◆ Instructions for the task: Would you transcribe the line containing "by rewrite leNgt;" and every line after it, through the end of the records below, exactly and with nothing else?

Records drawn from a dataset
□ □ □ □ □ □ □

(* Needed because [sup] of a set that is not bounded above is [0]. *)
Lemma dimL_set_bounded : exists B, ubound dimL_set B.
Proof.
have M_gt0 : 0 < M%:R :> R by rewrite ltr0n (word_tree_M_gt0 TW).
have rho01 : 0 < rho <= 1 by rewrite rho_gt0 (ltW rho_lt1).
have [n0 rho_n0] : exists n0, rho ^+ n0 < M%:R^-1.
  by apply: expr_lt_eps; rewrite ?invr_gt0 ?(ltW rho_gt0).
exists n0%:R => s /dimL_setP[_ [C0 C0_gt0 bound]]; rewrite leNgt; apply/negP => n0_s.
pose z := M%:R * rho `^ s.
have z01 : 0 <= z < 1.
  rewrite mulr_ge0 ?powR_ge0 //= -(mulfV (lt0r_neq0 M_gt0)) ltr_pM2l //.
  apply: le_lt_trans rho_n0.
  rewrite -powR_mulrn ?(ltW rho_gt0) //; exact: (ger_powR rho01 (ltW n0_s)).
have [k zk] := expr_lt_eps z01 C0_gt0.
have := bound [::] k (word_tree_nil TW) (leq0n k); rewrite subn0 => C0_le.
have : (ndesc T k [::])%:R <= M%:R ^+ k :> R by rewrite -natrX ler_nat ndesc_le_expn.
rewrite -(ler_pM2r (exprn_gt0 k (powR_gt0 s rho_gt0))) -exprMn => N_le.
by have := lt_le_trans zk (le_trans C0_le N_le); rewrite ltxx.
Qed.

Lemma le_dimL s : dimL_set s -> s <= dimL rho M T.
Proof.
move=> s_in; have [B B_ub] := dimL_set_bounded.
by apply: sup_upper_bound => //; split; [exists s | exists B].
Qed.

End LowerDimension.

Section ThinChildren.
Variables (R : realType) (M : nat) (T : set (seq nat)) (q : R) (l : nat).
Hypotheses (TW : word_tree M T) (q_gt0 : 0 < q) (q_le1 : q <= 1).
Hypothesis thin_child : forall a k, T a -> (l <= size a)%N -> (size a + l <= k)%N ->
  exists2 b, (0 < size b <= l)%N &
    T (a ++ b) /\ (ndesc T k (a ++ b))%:R < q ^+ size b * (ndesc T k a)%:R.

Let q_ge0 : 0 <= q. Proof. exact: ltW. Qed.

Let ndesc_ge1 a k : T a -> (size a <= k)%N -> 1 <= (ndesc T k a)%:R :> R.
Proof. by move=> Ta ak; rewrite ler1n (ndesc_gt0 TW). Qed.

Lemma ndesc_ge_iter d a : T a -> (l <= size a)%N ->
  q ^+ l <= (ndesc T (size a + d) a)%:R * q ^+ d.
Proof.
elim/ltn_ind: d a => d IH a Ta la.
case: (ltnP d l) => [dl | ld].
  apply: le_trans (ler_peMl (exprn_ge0 _ q_ge0) (ndesc_ge1 Ta (leq_addr _ _))).
  exact: ler_wiXn2l (ltnW dl).
have ald : (size a + l <= size a + d)%N by rewrite leq_add2l.
have [b /andP[b_gt0 bl] [Tab thin]] := thin_child Ta la ald.
have bd : (size b <= d)%N by apply: leq_trans bl ld.
have lab : (l <= size (a ++ b))%N by rewrite size_cat; lia.
have db_lt : (d - size b < d)%N by lia.
have := IH _ db_lt _ Tab lab.
rewrite size_cat -addnA subnKC // => /le_trans; apply.
rewrite -[in q ^+ d](subnKC bd) exprD mulrA ler_pM2r ?exprn_gt0 // mulrC.
exact: ltW.
Qed.

Lemma ndesc_ge a k : T a -> (size a <= k)%N ->
  q ^+ (l + l) <= (ndesc T k a)%:R * q ^+ (k - size a).
Proof.
move=> Ta ak; case: (leqP k l) => [kl | lk].
  apply: le_trans (ler_peMl (exprn_ge0 _ q_ge0) (ndesc_ge1 Ta ak)).
  by apply: ler_wiXn2l => //; lia.
pose m := maxn (size a) l.
have [s [sm Tas]] := word_tree_cat TW (m - size a) Ta.
have as_m : size (a ++ s) = m by rewrite size_cat sm; lia.
have := ndesc_ge_iter (k - m) Tas; rewrite as_m subnKC; last by lia.
move=> /(_ (leq_maxr _ _)) iter.
have N_prefix : (ndesc T k (a ++ s))%:R <= (ndesc T k a)%:R :> R.
  by rewrite ler_nat (ndesc_prefix TW) // prefix_prefix.
apply: le_trans (_ : q ^+ l * q ^+ (m - size a) <= _).
  by rewrite -exprD; apply: ler_wiXn2l => //; lia.
rewrite (_ : k - size a = k - m + (m - size a))%N; last by lia.
rewrite exprD mulrA ler_pM2r ?exprn_gt0 //.
by apply: le_trans iter _; rewrite ler_pM2r ?exprn_gt0.
Qed.

End ThinChildren.

Lemma count_in_ratio_ge (R : realType) M T (q : R) (l : nat) a k :
  word_tree M T -> T a -> (size a + l <= k)%N ->
  (forall b, (0 < size b <= l)%N -> T (a ++ b) ->
     q ^+ size b * (ndesc T k a)%:R <= (ndesc T k (a ++ b))%:R) ->
  forall j b, (j <= l)%N -> level (subtree T a) j b ->
  q ^+ j <= (count_in M (subtree T a) (k - size a) b)%:R /
            (ncard (level (subtree T a) (k - size a)))%:R.
Proof.
move=> TW Ta alk not_thin j b jl [Tab bj].
rewrite (count_in_subtree TW) ?(ncard_level_subtree TW); try lia.
rewrite ler_pdivlMr ?ltr0n ?(ndesc_gt0 TW) //; last by lia.
have [b0 | b_gt0] := posnP (size b); last by rewrite -bj not_thin ?b_gt0 //=; lia.
by move: b0 bj => /size0nil -> <-; rewrite cats0 expr0 mul1r.
Qed.

Theorem corollary3p7 (R : realType) (rho : R) (M : nat) (T : set (seq nat)) :
  rhoM_tree rho M T ->
  forall (t : R), dimL rho M T < t ->
  forall l : nat,
  exists (n : nat) (a : seq nat) (k : nat),
    [/\ (l <= n)%N, level T n a, (n + l <= k)%N &
      forall (j : nat) (b' : seq nat), (j <= l)%N -> level (subtree T a) j b' ->
        powR rho (t * j%:R) <=
          (count_in M (subtree T a) (k - n) b')%:R /
          (ncard (level (subtree T a) (k - n)))%:R ].
Proof.
move=> rhoM t dimL_t l; have [/andP[rho_gt0 rho_lt1] _] := rhoM.
have TW := rhoM_tree_word_tree rhoM.
have t_gt0 : 0 < t := le_lt_trans (dimL_ge0 rho M T) dimL_t.
pose q := rho `^ t.
have q_gt0 : 0 < q by apply: powR_gt0.
have rho01 : 0 < rho <= 1 by rewrite rho_gt0 (ltW rho_lt1).
have q_le1 : q <= 1 by rewrite -(powRr0 rho); exact: (ger_powR rho01 (ltW t_gt0)).
apply: contrapT => no_witness.
suff : t <= dimL rho M T by rewrite leNgt dimL_t.
apply: (le_dimL TW rho_gt0 rho_lt1); apply/(dimL_setP TW rho_gt0); split=> //.
exists (q ^+ (l + l)); first exact: exprn_gt0.
apply: (ndesc_ge TW q_gt0 q_le1) => a k Ta la alk.
apply: contrapT => no_thin; apply: no_witness; exists (size a), a, k; split=> //.
move=> j b jl b_lev; rewrite powRrM powR_mulrn ?powR_ge0 //.
apply: (count_in_ratio_ge TW Ta alk) => // b' b'_size Tab'.
by rewrite leNgt; apply/negP => thin; apply: no_thin; exists b'.
Qed.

□ □ □ □ □ □ □

◆ Written solution:
by rewrite leNgt; apply/negP => thin; apply: no_thin; exists b'.
Qed.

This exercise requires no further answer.